Mais cet accent les embrouillait, pensant sans doute que c'est des irakiens que je me moquais, de Sadam Hussein, peut-être aussi étais-je un ancien irakien, qui a oublié sa langue, sauf l'accent. Je ne me faisais donc pas d'amis, malgré ma bonne volonté, et je me rappelai alors les paroles de l'un de mes oncles parlant de ces arabes cossus de Jérusalem, c'étaient des effendis, habillés en costumes occidentaux et coiffés de tarbouches. J'entendis alors ce mot d'effendi dit avec un rien de mépris, bien que maintenant je me souviens que ce n'était pas son  intention. Je sentais du mépris comme si j'étais un pionnier du Palma'h en sandales et pantalons courts  qui se serait moqué des propriétaires de terres arabes en glorifiant son sacro-saint socialisme. Ce sont des effendis, me dit l'oncle, avec un ton de respect, mais leur langue avait disparu, et ma langue à moi ils l'ignoraient. Il ne restait plus entre nous que la distance des territoires et des générations.

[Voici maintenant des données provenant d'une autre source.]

Record vector_lattice : Prop := {
  vl_refl : forall x, le x x;
  vl_antisym : forall x y, le x y -> le y x -> x = y;
  vl_trans : forall x y z, le x y -> le y z -> le x z;
  vl_add : forall x y z, le x y -> le (x + z) (y + z);
  vl_scale : forall (a : R) x y, 0 <= a -> le x y -> le (a *: x) (a *: y);
  vl_sup : forall x y, exists s, is_lub [set x; y] s;
  vl_archimedean : forall x y, le 0 x ->
     (forall n : nat, le (n%:R *: x) y) -> x = 0 }.

Definition gm_set (u v : F) : set F :=
  [set t | exists theta : R, 0 < theta /\ t = theta *: u + theta^-1 *: v].

Definition geometric_mean_closed : Prop :=
  forall u v, le 0 u -> le 0 v -> exists z, is_glb (gm_set u v) z.

Definition boxtimes (u v : F) : F := 2^-1 *: xget 0 (is_glb (gm_set u v)).

Definition bp_set (u v : F) : set F :=
  [set t | exists theta : R, 0 <= theta <= 2 * pi /\
           t = cos theta *: u + sin theta *: v].

Definition boxplus (u v : F) : F := xget 0 (is_lub (bp_set u v)).

End VectorLattice.

Definition vector_semi_inner_product (R : realType) (V F : lmodType R)
  (le : F -> F -> Prop) (T : V -> V -> F) : Prop :=
  (forall (a : R) x y z, T (a *: x + y) z = a *: T x z + T y z) /\
  (forall (a : R) x y z, T x (a *: y + z) = a *: T x y + T x z) /\
  (forall x y, T x y = T y x) /\
  (forall x, le 0 (T x x)).

Definition Tnorm (R : realType) (V F : lmodType R) (le : F -> F -> Prop)
  (T : V -> V -> F) (u : F) (x : V) : F := boxtimes le (T x x) u.

(* Write [gm_inf c] for [inf {t c + t^-1 u : t > 0}], so that [c ⊠ u = gm_inf c / 2] and
   [gm_inf (k^2 c) = k gm_inf c].  By the parallelogram law
   [T(x+y,x+y) + T(x-y,x-y) = 2 (T(x,x) + T(y,y))] the theorem reduces to
   [gm_inf a ⊞ gm_inf b = gm_inf (a + b)] for [a, b >= 0].
   Completing the square gives [cos θ gm_inf a + sin θ gm_inf b <= gm_inf (a + b)].
   Conversely, let [W] bound all these combinations.  As joins distribute over infima,
   [W] dominates, for the angles of a grid of mesh [1/N], a join of elements
   [cos θ_j (s_j a + u / s_j) + sin θ_j (t_j b + u / t_j)].  At two neighbouring angles on
   either side of the diagonal [s cos θ = t sin θ] these mix convexly into [A (a + b) + C u]
   with [C A >= 1 - 1/N], so [(1 - 1/N) gm_inf (a + b) <= W] for every [N], and the
   Archimedean property concludes. *)

From HB Require Import structures.
From mathcomp Require Import all_boot all_order all_algebra.
From mathcomp Require Import all_classical all_reals all_analysis.
From mathcomp Require Import ring lra.
Import Order.TTheory GRing.Theory Num.Theory.
Set Implicit Arguments. Unset Strict Implicit. Unset Printing Implicit Defensive.
Local Open Scope classical_set_scope.
Local Open Scope ring_scope.

Lemma discrete_ivt (P : nat -> Prop) N :
  P 0%N -> ~ P N -> exists2 j, (j < N)%N & P j /\ ~ P j.+1.
Proof.
elim: N => [|N IH] P0 PN; first by [].
case: (pselect (P N)) => [PN'|nPN]; first by exists N.
by have [j jN Pj] := IH P0 nPN; exists j => //; apply: ltnW.
Qed.

Section RealInequalities.
Variable R : realFieldType.
Implicit Types l m c s x y K : R.

Lemma sqrD_le_mul_divD x y s t : 0 <= x -> 0 <= y -> 0 < s -> 0 < t ->
  (x + y) ^+ 2 <= (x / s + y / t) * (x * s + y * t).
Proof.
move=> hx hy hs ht.
have -> : (x / s + y / t) * (x * s + y * t) =
    (x + y) ^+ 2 + x * y * ((s - t) ^+ 2 / (s * t)).
  by field; rewrite !gt_eqF.
rewrite lerDl; apply: mulr_ge0; first exact: mulr_ge0.
by apply: divr_ge0; rewrite ?sqr_ge0 ?mulr_ge0 ?ltW.
Qed.

Lemma le_sqr_convex l m c1 c2 K : 0 <= l -> 0 <= m -> l + m = 1 ->
  0 <= c1 -> 0 <= c2 -> K <= c1 ^+ 2 -> K <= c2 ^+ 2 -> K <= (l * c1 + m * c2) ^+ 2.
Proof.
move=> hl hm hlm hc1 hc2 hK1 hK2.
have [c12|c21] := leP c1 c2.
  have : c1 <= l * c1 + m * c2 by nra.
  nra.
have : c2 <= l * c1 + m * c2 by nra.
nra.
Qed.

Lemma convex_pos l m x y : 0 <= l -> 0 <= m -> l + m = 1 -> 0 < x -> 0 < y ->
  0 < l * x + m * y.
Proof.
move=> hl hm hlm hx hy.
by have [xy|yx] := leP x y; [have : x <= l * x + m * y by nra|have : y <= l * x + m * y by nra];
  lra.
Qed.

Lemma circle_pos c s x y : 0 <= c -> 0 <= s -> c ^+ 2 + s ^+ 2 = 1 -> 0 < x -> 0 < y ->
  0 < c * x + s * y.
Proof.
move=> hc hs h1 hx hy; have [c_lt0|c_gt0|c0] := ltgtP c 0; first by lra.
  by have := mulr_gt0 c_gt0 hx; have := mulr_ge0 hs (ltW hy); lra.
have s_gt0 : 0 < s by move: h1; rewrite c0; nra.
by rewrite c0 mul0r add0r mulr_gt0.
Qed.

Lemma le_mix_mul l m c1 c2 s1 s2 K : 0 <= l -> 0 <= m -> l + m = 1 ->
  0 <= c1 -> 0 <= c2 -> 0 < s1 -> 0 < s2 -> K <= c1 ^+ 2 -> K <= c2 ^+ 2 ->
  K <= (l * c1 / s1 + m * c2 / s2) * (l * c1 * s1 + m * c2 * s2).
Proof.
move=> hl hm hlm hc1 hc2 hs1 hs2 hK1 hK2.
apply: le_trans (le_sqr_convex hl hm hlm hc1 hc2 hK1 hK2) _.
by apply: sqrD_le_mul_divD; rewrite ?mulr_ge0.
Qed.

Lemma balance_weights (D1 D2 : R) : 0 <= D1 -> D2 < 0 ->
  exists l m, [/\ 0 <= l, 0 <= m, l + m = 1 & l * D1 + m * D2 = 0].
Proof.
move=> hD1 hD2; have hD : 0 < D1 - D2 by lra.
exists (- D2 / (D1 - D2)), (D1 / (D1 - D2)); split.
- by rewrite divr_ge0 // ?oppr_ge0 ltW.
- by rewrite divr_ge0 // ltW.
- by field; rewrite gt_eqF.
- by field; rewrite gt_eqF.
Qed.

Lemma natr_ratio_itv (j N : nat) : (0 < N)%N -> (j <= N)%N ->
  0 <= (j%:R / N%:R : R) <= 1.
Proof. by move=> N0 jN; rewrite divr_ge0 ?ler0n //= ler_pdivrMr ?ltr0n // mul1r ler_nat. Qed.

End RealInequalities.

Lemma cos_sin_sqrt (R : realType) (p : R) : 0 <= p <= 1 ->
  exists2 th, 0 <= th <= 2 * pi & cos th = Num.sqrt (1 - p) /\ sin th = Num.sqrt p.
Proof.
move=> /andP[p0 p1]; have hc : -1 <= Num.sqrt (1 - p) <= 1.
  rewrite (le_trans _ (sqrtr_ge0 _)) ?lerN10 //= -[X in _ <= X]sqrtr1.
  by rewrite ler_sqrt // lerBlDr lerDl.
exists (acos (Num.sqrt (1 - p))).
  by rewrite acos_ge0 //= (le_trans (acos_lepi hc)) // ler_peMl ?pi_ge0 ?ler1n.
rewrite acosK ?in_itv // sin_acos // sqr_sqrtr ?subr_ge0 //.
by split => //; rewrite opprB addrCA subrr addr0.
Qed.

Section VectorLattice.
Variables (R : realType) (F : lmodType R) (le : F -> F -> Prop).
Hypothesis hF : vector_lattice le.

Lemma lev_refl x : le x x. Proof. exact: vl_refl hF x. Qed.
Lemma lev_trans x y z : le x y -> le y z -> le x z.
Proof. by move=> hxy hyz; apply: vl_trans hF _ _ _ hxy hyz. Qed.
Lemma lev_anti x y : le x y -> le y x -> x = y.
Proof. by move=> hxy hyx; apply: vl_antisym hF _ _ hxy hyx. Qed.

Lemma subv_ge0 x y : le 0 (y - x) <-> le x y.
Proof.
split=> h; first by have := vl_add hF x h; rewrite add0r subrK.
by have := vl_add hF (- x) h; rewrite subrr.
Qed.

Lemma levD x y z w : le x y -> le z w -> le (x + z) (y + w).
Proof.
move=> hxy hzw; apply: lev_trans (vl_add hF z hxy) _.
by rewrite addrC [y + w]addrC; apply: vl_add.
Qed.

Lemma addv_ge0 x y : le 0 x -> le 0 y -> le 0 (x + y).
Proof. by move=> hx hy; have := levD hx hy; rewrite addr0. Qed.

Lemma levZ k x y : 0 <= k -> le x y -> le (k *: x) (k *: y).
Proof. by move=> hk hxy; apply: (vl_scale hF); rewrite ?hk. Qed.

Lemma scalev_ge0 k x : 0 <= k -> le 0 x -> le 0 (k *: x).
Proof. by move=> hk /(levZ hk); rewrite scaler0. Qed.

Lemma levZl k1 k2 x : k1 <= k2 -> le 0 x -> le (k1 *: x) (k2 *: x).
Proof.
by move=> hk hx; apply/subv_ge0; rewrite -scalerBl; apply: scalev_ge0; rewrite ?subr_ge0.
Qed.

Lemma levBlDr x y z : le (x - z) y <-> le x (y + z).
Proof.
by split=> /subv_ge0 h; apply/subv_ge0; move: h; rewrite opprB addrA.
Qed.

Lemma levBrDr x y z : le x (y - z) <-> le (x + z) y.
Proof.
by split=> /subv_ge0 h; apply/subv_ge0; move: h; rewrite opprD addrA addrAC.
Qed.

Lemma is_lub_unique S x y : is_lub le S x -> is_lub le S y -> x = y.
Proof. by move=> [ubx lubx] [uby luby]; apply: lev_anti; [apply: lubx|apply: luby]. Qed.

Lemma boxplusE x y z : is_lub le (bp_set x y) z -> boxplus le x y = z.
Proof. by move=> hz; apply: (is_lub_unique _ hz); apply: xgetPex; exists z. Qed.

Definition join x y : F := xget 0 (is_lub le [set x; y]).

Lemma joinP x y : is_lub le [set x; y] (join x y).
Proof. by apply: xgetPex; apply: (vl_sup hF). Qed.

Lemma lev_joinl x y : le x (join x y).
Proof. by apply: (joinP x y).1; left. Qed.

Lemma lev_joinr x y : le y (join x y).
Proof. by apply: (joinP x y).1; right. Qed.

Lemma join_lev x y z : le x z -> le y z -> le (join x y) z.
Proof. by move=> hx hy; apply: (joinP x y).2 => w [->|->]. Qed.

Definition meet x y : F := x + y - join x y.

Lemma subv_meetl x y : x - meet x y = join x y - y.
Proof. by rewrite opprB opprD addrCA addNKr. Qed.

Lemma meet_levl x y : le (meet x y) x.
Proof. by apply/subv_ge0; rewrite subv_meetl; apply/subv_ge0/lev_joinr. Qed.

Lemma subv_meetr x y : y - meet x y = join x y - x.
Proof. by rewrite opprB opprD addrCA; congr (_ + _); rewrite addrCA subrr addr0. Qed.

Lemma meet_levr x y : le (meet x y) y.
Proof. by apply/subv_ge0; rewrite subv_meetr; apply/subv_ge0/lev_joinl. Qed.

Lemma lev_meet x y z : le z x -> le z y -> le z (meet x y).
Proof.
move=> hx hy; apply/levBrDr; rewrite addrC; apply/levBrDr.
apply: join_lev; apply/levBrDr; first exact: levD (lev_refl x) hy.
by rewrite [x + y]addrC; apply: levD (lev_refl y) hx.
Qed.

(* Infinite distributivity [x ∨ inf S = inf (x ∨ S)], via [join x s + meet x s = x + s]. *)
Lemma lev_join_glb S X x z : is_glb le S X ->
  (forall s, S s -> le z (join x s)) -> le z (join x X).
Proof.
move=> [lbX glbX] hz.
have hX : le (z + meet x X - x) X.
  apply: glbX => s Ss.
  have -> : s = join x s + meet x s - x.
    by rewrite /meet addrCA (subrr (join x s)) addr0 addrAC subrr add0r.
  apply: levD (lev_refl _); apply: levD (hz s Ss) _.
  by apply: lev_meet; [apply: meet_levl | apply: lev_trans (meet_levr x X) (lbX s Ss)].
have -> : join x X = X + x - meet x X.
  by rewrite /meet (addrC X) opprB addrCA subrr addr0.
by apply/levBrDr; apply/levBlDr.
Qed.

Lemma lev_glb_scale S X (c : R) w : is_glb le S X -> 0 <= c -> (exists s, S s) ->
  (forall s, S s -> le w (c *: s)) -> le w (c *: X).
Proof.
move=> [lbX glbX] hc [s0 Ss0] hw.
case: (eqVneq c 0) => [c0|c0]; first by move: (hw _ Ss0); rewrite c0 !scale0r.
have -> : w = c *: (c^-1 *: w) by rewrite scalerA divff // scale1r.
apply: (levZ hc); apply: glbX => s Ss.
have -> : s = c^-1 *: (c *: s) by rewrite scalerA mulVf // scale1r.
by apply: levZ _ (hw s Ss); rewrite invr_ge0.
Qed.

Sur le chemin du retour, seuls les chauffeurs d'autobus accueillaient bien mon accent, sachant qu'on ne doit rien attendre de l'accent d'un voyageur qui monte dans l'autobus à Jérusalem. Et mon coeur ne savait pas qu'il avait retrouvé le coeur de ses origines ; il l'ignorait, autant que mes peurs ne savaient pas qu'elles étaient toutes revenues à moi, elles l'ignoraient.

3.

Ainsi peu à peu la voix de mon grand-père s'est substituée à la mienne, et ces rues déjà habituées à sa mort, à sa disparition, à son absence, ont soudain  recommencé à entendre sa voix. Cette belle voix, qui était prisonnière dans mon passé, est sortie de moi sans rien demander, elle s'exprimait haut et fort, ma voix. Et les rues qui étaient habituées à mon silence, à notre silence, avaient beaucoup de mal en face de la parole, certaines la faisant taire lentement en lui recommandant la prudence, en me demandant la prudence, en lui disant tu es étrangère, ou bien, satisfais-toi de ton silence. Et malgré mes peurs, et malgré le fait que cette voix m'était étrangère depuis deux générations d'oubli, j'ai prononcé tous mes mots avec cet accent, puisque je ne pouvais pas m'en tenir au silence, puisqu'il y avait en moi une parole qui voulait sortir, et les mots m'ont changé en sortant de l'arrière-gorge. Un inconnu aurait pu penser que je suis un petit-fils fidèle, il n'aurait pas compris la quantité d'oubli que j'avais multiplié  au détriment de la mémoire, comme il n'aurait pas pu deviner à quel point mon souvenir s'étaitembrouillé, et depuis combien de temps, depuis si longtemps, mes lèvres n'avaient pas renoué le lien avec mon grand-père.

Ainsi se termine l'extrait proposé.